Title: Surge drum internals design for damping of sinusoidal variations in the feed concentration

Description:
This is a continuation of application Ser. No. 121,158, filed Nov. 16, 1987. 
    
    
     FIELD OF THE INVENTION 
     The present invention relates to improvements in mixing fluid compositions such as gas and liquid streams. More particularly, the present invention relates to dampening of the concentration variations in fluid streams obtained from adsorption/desorption processes. 
     BACKGROUND OF THE INVENTION 
     The need to adequately mix fluids in various industrial processes is well known. Indeed, numerous reactors have been designed to uniformly distribute liquid and gaseous reactants in a reactor vessel. U.S. Pat. No. 1,491,049, for example, discloses a mixer for liquids which has a number of horizontally disposed plates in the vessel for dividing and recombining the fluid streams in the reactor to promote mixing. 
     U.S. Pat. No. 4,233,269 discloses a fluid flow distributor for mixing and distributing gases and liquids over the cross-section of a reactor vessel having an upward fluid flow path. 
     U.S. Pat.

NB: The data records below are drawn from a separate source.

Lemma det_mulmx_ffun : \det (M *m N) =
  \sum_(f : {ffun 'I_m -> 'I_n}) (\prod_i M i (f i)) * \det (rowsub f N).
Proof.
rewrite {1}/determinant.
under eq_bigr => t _ do under eq_bigr => i _ do rewrite mxE.
under eq_bigr => t _ do rewrite bigA_distr_bigA mulr_sumr.
rewrite exchange_big /=; apply: eq_bigr => f _.
rewrite /determinant mulr_sumr; apply: eq_bigr => t _.
rewrite big_split /= mulrCA; congr (_ * (_ * _)).
by apply: eq_bigr => i _; rewrite mxE.
Qed.

Lemma det_rowsub_noninj (f : 'I_m -> 'I_n) : ~~ injectiveb f -> \det (rowsub f N) = 0.
Proof.
case/injectivePn=> i1 [i2 ne e].
by rewrite (determinant_alternate ne) // => j; rewrite !mxE e.
Qed.

Lemma sum_ffun_image (s : 'I_m -> 'I_n) : injective s ->
  \sum_(f : {ffun 'I_m -> 'I_n} | [set f i | i in 'I_m] == [set s r | r in 'I_m])
    (\prod_i M i (f i)) * \det (rowsub f N)
  = \det (colsub s M) * \det (rowsub s N).
Proof.
move=> s_inj; pose h (t : 'S_m) : {ffun 'I_m -> 'I_n} := [ffun i => s (t i)].
have h_inj : injective h.
  by move=> t1 t2 /ffunP e; apply/permP=> i; apply: s_inj; have := e i; rewrite !ffunE.
have imh (f : {ffun 'I_m -> 'I_n}) :
    ([set f i | i in 'I_m] == [set s r | r in 'I_m]) = (f \in h @: setT).
  apply/eqP/imsetP=> [imf|[t _ ->]]; last first.
    apply/setP=> x; apply/imsetP/imsetP=> [[i _ ->]|[r _ ->]].
      by exists (t i); rewrite ?ffunE.
    by exists ((t^-1)%g r); rewrite ?ffunE ?permKV.
  have fs i : exists r, f i = s r.
    have : f i \in [set s r | r in 'I_m] by rewrite -imf imset_f.
    by case/imsetP=> r _ ->; exists r.
  have [g fg] := fin_all_exists fs.
  have /imset_injP f_inj : #|[set f i | i in 'I_m]| == #|'I_m|.
    by rewrite imf card_imset.
  have g_inj : injective g by move=> i1 i2 e; apply: f_inj; rewrite ?fg ?e.
  by exists (perm g_inj); rewrite ?inE //; apply/ffunP=> i; rewrite ffunE permE fg.
rewrite (eq_bigl _ _ imh) big_imset /=; last by move=> t1 t2 _ _; apply: h_inj.
rewrite (eq_bigl _ _ (@in_setT _)) [\det (colsub s M)]/determinant mulr_suml.
apply: eq_bigr => t _.
have -> : rowsub (h t) N = row_perm t (rowsub s N).
  by apply/matrixP=> i j; rewrite !mxE ffunE.
rewrite row_permE det_mulmx det_perm mulrCA mulrA; congr (_ * _ * _).
by apply: eq_bigr => i _; rewrite ffunE mxE.
Qed.
Definition submonoid_split := exists A B,
  [/\ submonoid op e A, A != setT, submonoid op e B, B != setT & A :|: B = setT].

Lemma sigmas_submonoid_split : submonoid_split ->
  sigma_m_is op e (Some 2) /\ sigma_mstar_is op (Some 2) /\ sigma_s_is op (Some 2).
Proof.
move=> [A [B [mA nA mB nB AB]]].
split; last split; apply: (sigma_is_two (A := A) (B := B)) => //; try by move=> C [].
- by split=> //; apply: submonoid_monoidal.
- by split=> //; apply: submonoid_monoidal.
- by split=> //; case: mA.
- by split=> //; case: mB.
Qed.

Lemma submonoid_split_units : ~ is_group_on op setT -> units != [set e] -> submonoid_split.
Proof.
move=> not_group units_ne; have [u uU ue] : exists2 u, u \in units & u != e.
  apply/exists_inP; apply: contraR units_ne => /exists_inPn no_unit; rewrite eqEsubset.
  rewrite sub1set (introT (unitP e)) ?andbT; last by exists e; rewrite op1x.
  by apply/subsetP => w wU; rewrite inE; apply/negPn/no_unit.
exists units, (e |: ~: units); split.
- split; last by apply/unitP; exists e; rewrite op1x.
  split; [exact: subsetT | split; last exact: units_closed].
  by apply/set0Pn; exists u.
- exact: contra_not_neq group_of_units not_group.
- exact/submonoidU1/nonunits_closed.
- by apply/eqP/setP => /(_ u); rewrite in_setU1 in_setC (negbTE ue) uU in_setT.
- apply/setP => w; rewrite in_setU in_setU1 in_setC in_setT.
  by case: (w \in units); rewrite ?orbT.
Qed.

Lemma submonoid_split_setD1e : ~ is_group_on op setT ->
  ~ (subsemigroup op setT S /\ (is_group_on op S \/ monogenic_on op S)) ->
  units = [set e] -> submonoid_split.
Proof.
move=> not_group not_special units_e.
have cS : Defs.closed op S.
  move=> x y; rewrite !in_setD1 !in_setT !andbT => xe ye; apply/eqP => xy.
  have : x \in units by apply/unitP; exists y.
  by rewrite units_e inE (negbTE xe).
have S0 : S != set0.
  apply: contra_not_neq not_group => S0; apply: group_of_units; apply/setP => w.
  rewrite units_e in_setT inE; apply: contraT => we; suff : w \in S by rewrite S0 inE.
  by rewrite !inE we.
have sS : subsemigroup op setT S by split; [exact: subsetT | split].
have [A [B [AS BS cA cB AB]]] : closed_split op S.
  apply: semigroup_closed_split => // [gS|mS]; apply: not_special.
  - by split; [|left].
  - by split; [|right].
exists (e |: A), (e |: B); split; try exact: submonoidU1.
- by apply: properU1 AS; rewrite -AB subsetUl.
- by apply: properU1 BS; rewrite -AB subsetUr.
- by rewrite -setUUr AB setD1K ?in_setT.
Qed.

End Monoid.

Theorem mainTheorem19 (T : finType) (op : T -> T -> T) (e : T)
  (opA : forall x y z, op x (op y z) = op (op x y) z)
  (op1x : forall x, op e x = x) (opx1 : forall x, op x e = x) :
  let S := setT :\ e in
  (is_group_on op setT ->
     exists k, sigma_m_is op e k /\ sigma_mstar_is op k /\
               sigma_s_is op k /\ sigma_g_is op setT k) /\
  (subsemigroup op setT S -> is_group_on op S ->
     sigma_mstar_is op (Some 2) /\ sigma_s_is op (Some 2) /\
     exists k, sigma_m_is op e k /\ sigma_g_is op S k) /\
  (subsemigroup op setT S -> monogenic_on op S -> ~ is_group_on op S ->
     sigma_s_is op (Some 2) /\ sigma_mstar_is op None /\ sigma_m_is op e None) /\
  (~ is_group_on op setT ->
   ~ (subsemigroup op setT S /\ (is_group_on op S \/ monogenic_on op S)) ->
     sigma_m_is op e (Some 2) /\ sigma_mstar_is op (Some 2) /\ sigma_s_is op (Some 2)).
Proof.
move=> S; split; first exact: sigmas_group.
split; first exact: sigmas_setD1e_group.
split; first exact: sigmas_setD1e_monogenic.
move=> not_group not_special; apply: (sigmas_submonoid_split op1x opx1).
have [/eqP units_e|units_ne] := boolP (units op e == [set e]).
  exact: submonoid_split_setD1e units_e.
exact: submonoid_split_units units_ne.
Qed.
(* Let $k$ be an algebraically closed field, let $A$ be a local Noetherian $k$-algebra with maximal ideal $\mathfrak{m}$ and residue field $k$, and let $M$ be a finitely generated $A$-module. Then the equalities $$\dim_k (M \otimes_A A/I_n) = n \,\dim_k (M \otimes_A k)$$ hold for all integers $n > 0$ and all ideals $I_n \subset A$ of colength $n$ if and only if the equalities $$\dim_k (M \otimes_A A/\mathfrak{m}^n) = \dim_k (A/\mathfrak{m}^n)\cdot \dim_k (M \otimes_A k)$$ hold for all integers $n > 0$.
   Context: An ideal $I \subset A$ is said to be of colength $n$ if $A/I$ is an Artinian $k$-algebra with $\dim_k A/I = n$. *)

From HB Require Import structures.
From mathcomp Require Import all_boot all_order all_algebra.
Set Implicit Arguments. Unset Strict Implicit. Unset Printing Implicit Defensive.
Import GRing.Theory.
Local Open Scope ring_scope.

Section CommAlg.
Variables (k : fieldType) (A : comAlgType k).

Definition is_ideal (I : A -> Prop) : Prop :=
  [/\ I 0, (forall x y, I x -> I y -> I (x + y)) & (forall a x, I x -> I (a * x))].

Definition is_proper_ideal (I : A -> Prop) : Prop := is_ideal I /\ ~ I 1.

Definition is_maximal_ideal (m : A -> Prop) : Prop :=
  is_proper_ideal m /\
  forall J : A -> Prop, is_proper_ideal J -> (forall x, m x -> J x) ->
    forall x, J x -> m x.

Definition ideal_gen (s : seq A) : A -> Prop :=
  fun a => exists t : seq (A * A),
    (forall p, p \in t -> p.2 \in s) /\ a = \sum_(p <- t) p.1 * p.2.

Definition noetherian_ring : Prop :=
  forall I : A -> Prop, is_ideal I ->
    exists s : seq A, forall a, I a <-> ideal_gen s a.

(* A is local with maximal ideal m and residue field k
   (the composite k -> A -> A/m is onto) *)
Definition local_residue_k (m : A -> Prop) : Prop :=
  [/\ is_maximal_ideal m,
      (forall J : A -> Prop, is_proper_ideal J -> forall x, J x -> m x)
    & (forall a : A, exists c : k, m (a - c%:A))].

Definition ideal_mul (I J : A -> Prop) : A -> Prop :=
  fun a => exists t : seq (A * A),
    (forall p, p \in t -> I p.1 /\ J p.2) /\ a = \sum_(p <- t) p.1 * p.2.

Fixpoint ideal_pow (m : A -> Prop) (n : nat) : A -> Prop :=
  match n with
  | 0 => fun _ => True
  | n'.+1 => ideal_mul (ideal_pow m n') m
  end.

(* dim_k (V / N) = d, for V a k-vector space given by the scaling sc *)
Definition quot_dim (V : zmodType) (sc : k -> V -> V) (N : V -> Prop) (d : nat)
  : Prop :=
  exists v : 'I_d -> V,
    (forall c : 'I_d -> k, N (\sum_(i < d) sc (c i) (v i)) -> forall i, c i = 0)
    /\ (forall x : V, exists c : 'I_d -> k, N (x - \sum_(i < d) sc (c i) (v i))).

Definition ring_quot_dim (I : A -> Prop) (d : nat) : Prop :=
  quot_dim (fun (c : k) (a : A) => c *: a) I d.

Definition colength (I : A -> Prop) (n : nat) : Prop :=
  is_ideal I /\ ring_quot_dim I n.

Section Modules.
Variable M : lmodType A.
Lemma top_entropy_superset_hyperC K : hyperC `<=` K ->
  top_entropy hausdorff_dist (induced_map f) K = +oo%E.
Proof.
move=> CK; apply/eqyP => A A0; have [N N0 lnN] := ln_natS_unbounded (A * (2 * k%:R)).
have k2 : 0 < 2 * k%:R :> R by rewrite mulr_gt0 ?ltr0n.
apply: le_trans (_ : (ln N.+1%:R / (2 * k%:R))%:E <= _)%E.
  by rewrite lee_fin ler_pdivlMr.
have [eps eps0 sep] := separated_subcontinua N0.
apply: top_entropy_ge k0 _ eps0 _ => // q; have [s sq] := sep q.
by exists s; exact: separated_familyS CK _ sq.
Qed.

End Conjugacy.

Unset Implicit Arguments.

Theorem theorem5p19 (R : realType) (X : metricType R) (f : X -> X)
  (F : R * R -> R * R) :
  [set: X] !=set0 -> compact [set: X] -> connected [set: X] ->
  homeo_on [set: X] [set: X] f ->
  special_dendrite_map F ->
  admits_special_dendrite f F ->
  top_entropy hausdorff_dist (induced_map f) hyperC = +oo%E /\
  top_entropy hausdorff_dist (induced_map f) hyper2 = +oo%E.
Proof.
move=> _ cX _ _ HF [Lam [k [_ [k0 [Lam_inv [phi [phi_homeo phi_conj]]]]]]].
have [phi_cont [_ [_ [g [g_cont [g_X0 [phiK gK]]]]]]] := phi_homeo.
have [M XM] := compact_mdist_bounded cX.
have entropy_oo := top_entropy_superset_hyperC HF Lam_inv phi_conj phi_cont g_cont g_X0
  phiK gK XM k0.
by split; apply: entropy_oo => //; exact: hyperC_sub_hyper2.
Qed.
(* Let $X,Y$ be finite sets and $F_X,F_Y$ filtrations over $X$ and $Y$. If $F_X$ and $F_Y$ are weakly equivalent, then $\mathbf{mgm}(F_X)=\mathbf{mgm}(F_Y)$ as multisets of intervals.
   Context: $\mathbf{pow}(X)$ is the set of nonempty subsets of $X$; a filtration over $X$ is an order-preserving map $F_X:(\mathbf{pow}(X),\subset)\to(\mathbb{R},\leq)$. For a surjection $\varphi_X:Z\twoheadrightarrow X$, the pullback filtration is $\varphi_X^*F_X:\mathbf{pow}(Z)\to\mathbb{R}$, $\kappa\mapsto F_X(\varphi_X(\kappa))$. $F_X,F_Y$ are weakly equivalent if there exist a finite set $Z$ and surjections $\varphi_X:Z\twoheadrightarrow X$, $\varphi_Y:Z\twoheadrightarrow Y$ with $\varphi_X^*F_X=\varphi_Y^*F_Y$. The mergegram of $F_X$: let $C_X(t)$ be the set of inclusion-maximal elements of $\{\sigma\in\mathbf{pow}(X)\mid F_X(\sigma)\leq t\}$; for nonempty $\sigma$, $I_\sigma:=\{t\in\mathbb{R}\mid\sigma\in C_X(t)\}$ (equivalently $I_\sigma=[F_X(\sigma),\min_{\sigma\subsetneq\tau\subset X}F_X(\tau))$ with $\min\emptyset=+\infty$); $\mathbf{mgm}(F_X)$ is the multiset of the nonempty $I_\sigma$, one entry per nonempty $\sigma\subset X$ with $I_\sigma\neq\emptyset$. *)

From HB Require Import structures.
From mathcomp Require Import all_boot all_order all_algebra.
From mathcomp Require Import reals.
Set Implicit Arguments. Unset Strict Implicit. Unset Printing Implicit Defensive.
Import Order.TTheory GRing.Theory Num.Theory.
Local Open Scope ring_scope.

(* Subsets of a finite set X are {set X}; pow(X) = nonempty ones.
   A filtration is a function on {set X} (its value on set0 is irrelevant)
   that is order preserving on nonempty subsets. *)
Definition filtration (R : realType) (X : finType) (F : {set X} -> R) : Prop :=
  forall s t : {set X}, s != set0 -> s \subset t -> F s <= F t.

Definition pullback (R : realType) (Z X : finType) (phi : Z -> X)
  (F : {set X} -> R) : {set Z} -> R := fun k => F (phi @: k).

Definition surjective_map (A B : Type) (f : A -> B) : Prop :=
  forall b, exists a, f a = b.

Definition weakly_equivalent (R : realType) (X Y : finType)
  (FX : {set X} -> R) (FY : {set Y} -> R) : Prop :=
  exists (Z : finType) (phX : Z -> X) (phY : Z -> Y),
    surjective_map phX /\ surjective_map phY /\
    forall k : {set Z}, k != set0 -> pullback phX FX k = pullback phY FY k.

(* Upper end of I_sigma: min_{sigma ⊊ tau} F tau, +oo if no such tau
   (as an interval bound, BLeft = open upper end ")" ). *)
Definition mgm_upper (R : realType) (X : finType) (F : {set X} -> R)
  (s : {set X}) : itv_bound R :=
  \big[Order.min/(BInfty R false)]_(t : {set X} | s \proper t) BLeft (F t).

Definition mgm_itv (R : realType) (X : finType) (F : {set X} -> R)
  (s : {set X}) : interval R :=
  Interval (BLeft (F s)) (mgm_upper F s).

Definition mgm_nonempty (R : realType) (X : finType) (F : {set X} -> R)
  (s : {set X}) : bool :=
  (BLeft (F s) < mgm_upper F s)%O.

(* The mergegram as a list of intervals (a multiset, compared up to perm_eq):
   one entry per nonempty sigma with I_sigma nonempty. *)
Definition mgm (R : realType) (X : finType) (F : {set X} -> R) : seq (interval R) :=
  [seq mgm_itv F s | s <- enum [pred s : {set X} | (s != set0) && mgm_nonempty F s]].

From HB Require Import structures.
From mathcomp Require Import all_boot all_order all_algebra.
From mathcomp Require Import reals.
Set Implicit Arguments. Unset Strict Implicit. Unset Printing Implicit Defensive.
Import Order.TTheory GRing.Theory Num.Theory.

(* The mergegram is invariant under pullback along a surjection
   phi : Z -> X: for a nonempty subset k of Z whose interval I_k for the
   pullback filtration is nonempty, k must be saturated (k = phi^-1(phi k)),
   since otherwise phi^-1(phi k) is a proper superset of k with the same
   filtration value, which makes I_k empty.  Saturated subsets of Z are in
   bijection with subsets of X via s |-> phi^-1 s, and this bijection
   preserves the intervals.  Hence mgm(phi^* F) is a permutation of mgm(F).
   Moreover mgm(F) only depends on the values of F on nonempty sets.  A weak
   equivalence gives phX^* FX = phY^* FY on nonempty sets, so
   mgm FX ~ mgm (phX^* FX) = mgm (phY^* FY) ~ mgm FY. *)

(* The mergegram only depends on the values of F on nonempty sets: all proper
   supersets of a set are nonempty, and only nonempty sets are listed. *)
Lemma mgm_upper_congr (R : realType) (X : finType) (F G : {set X} -> R) :
  (forall s, s != set0 -> F s = G s) ->
  forall s, mgm_upper F s = mgm_upper G s.
Proof.
move=> eqFG s; apply: eq_bigr => t st; rewrite eqFG //.
by apply/negP => /eqP t0; move: st; rewrite t0 properE sub0set andbF.
Qed.

Lemma mgm_congr (R : realType) (X : finType) (F G : {set X} -> R) :
  (forall s, s != set0 -> F s = G s) -> mgm F = mgm G.
Proof.
move=> eqFG; have eqU := mgm_upper_congr eqFG.
have eqP : [pred s : {set X} | (s != set0) && mgm_nonempty F s] =i
           [pred s : {set X} | (s != set0) && mgm_nonempty G s].
  move=> s; rewrite !inE; case: (boolP (s != set0)) => //= s0.
  by rewrite /mgm_nonempty eqU eqFG.
rewrite /mgm (eq_enum eqP); apply/eq_in_map => s.
by rewrite mem_enum inE => /andP [s0 _]; rewrite /mgm_itv eqU eqFG.
Qed.

Definition saturated (Z X : finType) (phi : Z -> X) (k : {set Z}) : bool :=
  phi @^-1: (phi @: k) == k.

Section PullbackInvariance.
Variables (R : realType) (Z X : finType) (phi : Z -> X) (F : {set X} -> R).
Hypothesis phi_surj : surjective_map phi.
Let G := pullback phi F.

Lemma imset_preimset (s : {set X}) : phi @: (phi @^-1: s) = s.
Proof.
apply/setP => x; apply/imsetP/idP => [[z]|xs].
  by rewrite inE => ? ->.
by have [z zx] := phi_surj x; exists z; rewrite // inE zx.
Qed.

Lemma preimset_inj : injective (fun s : {set X} => phi @^-1: s).
Proof. by move=> a b eqab; rewrite -(imset_preimset a) eqab imset_preimset. Qed.

Lemma pullback_preimset (s : {set X}) : G (phi @^-1: s) = F s.
Proof. by rewrite /G /pullback imset_preimset. Qed.

Lemma saturated_preimset (s : {set X}) : saturated phi (phi @^-1: s).
Proof. by rewrite /saturated imset_preimset. Qed.

(* Proper supersets of a saturated k contain, through phi, the proper
   supersets of phi k, and conversely via preimages. *)
Lemma mgm_upper_saturated (k : {set Z}) : saturated phi k ->
  mgm_upper G k = mgm_upper F (phi @: k).
Proof.
move=> /eqP sat; rewrite /mgm_upper; apply/le_anti/andP; split.
  apply: le_bigmin; first exact: bigmin_le_id.
  move=> r pr; apply: (@bigmin_inf _ _ _ _ (phi @^-1: r)).
    rewrite properE -{1}sat preimsetS ?(proper_sub pr) //=.
    apply/negP => /(imsetS phi); rewrite !imset_preimset => rk.
    by move: pr; rewrite properE rk andbF.
  by rewrite pullback_preimset.
apply: le_bigmin; first exact: bigmin_le_id.
move=> t pt; apply: (@bigmin_inf _ _ _ _ (phi @: t)) => //.
rewrite properE imsetS ?(proper_sub pt) //=.
apply/negP => tk; suff : t \subset k by apply/negP: (proper_subn pt).
rewrite -sat; apply/subsetP => z zt; rewrite inE.
by apply: (subsetP tk); apply: imset_f.
Qed.

(* A nonempty interval for the pullback can only come from a saturated set:
   the saturation of k has the same filtration value as k. *)
Lemma mgm_nonempty_saturated (k : {set Z}) : mgm_nonempty G k -> saturated phi k.
Proof.
move=> ne; rewrite /saturated eqEsubset; apply/andP; split; last first.
  by apply/subsetP => z zk; rewrite inE imset_f.
apply/negPn/negP => nsub.
have pk : k \proper phi @^-1: (phi @: k).
  by rewrite properE nsub andbT; apply/subsetP => z zk; rewrite inE imset_f.
have : (mgm_upper G k <= BLeft (G (phi @^-1: (phi @: k))))%O.
  exact: bigmin_le_cond.
rewrite pullback_preimset => upk.
by have := lt_le_trans ne upk; rewrite /G /pullback ltxx.
Qed.

Lemma mgm_itv_preimset (s : {set X}) : mgm_itv G (phi @^-1: s) = mgm_itv F s.
Proof.
by rewrite /mgm_itv mgm_upper_saturated ?saturated_preimset // imset_preimset
  pullback_preimset.
Qed.

Lemma mgm_nonempty_preimset (s : {set X}) :
  mgm_nonempty G (phi @^-1: s) = mgm_nonempty F s.
Proof.
by rewrite /mgm_nonempty mgm_upper_saturated ?saturated_preimset //
  imset_preimset pullback_preimset.
Qed.

Lemma mgm_index_preimset :
  perm_eq (enum [pred k : {set Z} | (k != set0) && mgm_nonempty G k])
          [seq phi @^-1: s | s : {set X} <-
             enum [pred s : {set X} | (s != set0) && mgm_nonempty F s]].
Proof.
apply: uniq_perm; first exact: enum_uniq.
  by rewrite map_inj_uniq ?enum_uniq //; exact: preimset_inj.
move=> k; rewrite mem_enum inE; apply/andP/mapP => [[k0 ne]|[s]].
  have /eqP sat := mgm_nonempty_saturated ne.
  exists (phi @: k); last by rewrite sat.
  by rewrite mem_enum inE imset_eq0 k0 -mgm_nonempty_preimset sat.
rewrite mem_enum inE => /andP [s0 ne] ->.
split; last by rewrite mgm_nonempty_preimset.
by apply: contraNneq s0 => s0'; rewrite -(imset_preimset s) s0' imset0.
Qed.

Lemma mgm_pullback : perm_eq (mgm G) (mgm F).
Proof.
apply: perm_trans (perm_map _ mgm_index_preimset) _.
by rewrite -map_comp (eq_map mgm_itv_preimset).
Qed.
End PullbackInvariance.

Theorem mainTheorem14 (R : realType) (X Y : finType)
  (FX : {set X} -> R) (FY : {set Y} -> R) :
  filtration FX -> filtration FY ->
  weakly_equivalent FX FY ->
  perm_eq (mgm FX) (mgm FY).
Proof.
move=> _ _ [Z [phX [phY [surjX [surjY eq_pullbacks]]]]].
have mgmX := mgm_pullback FX surjX; have mgmY := mgm_pullback FY surjY.
rewrite perm_sym in mgmX; apply: perm_trans mgmX _.
by rewrite (mgm_congr eq_pullbacks).
Qed.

No. 4,313,680 discloses a reactor for mixing fluid components in which the reactor contains flow deflecting elements to divide and direct a body of fluid flow at an angle of approximately ninety degrees from the central axis of the reaction chamber. 
     From the foregoing examples, it is readily apparent that thought has been given to provide means for achieving adequate mixing of fluid streams in reactor vessels. Consideration has not been given, however, to the mixing of product streams emanating from these process vessels. 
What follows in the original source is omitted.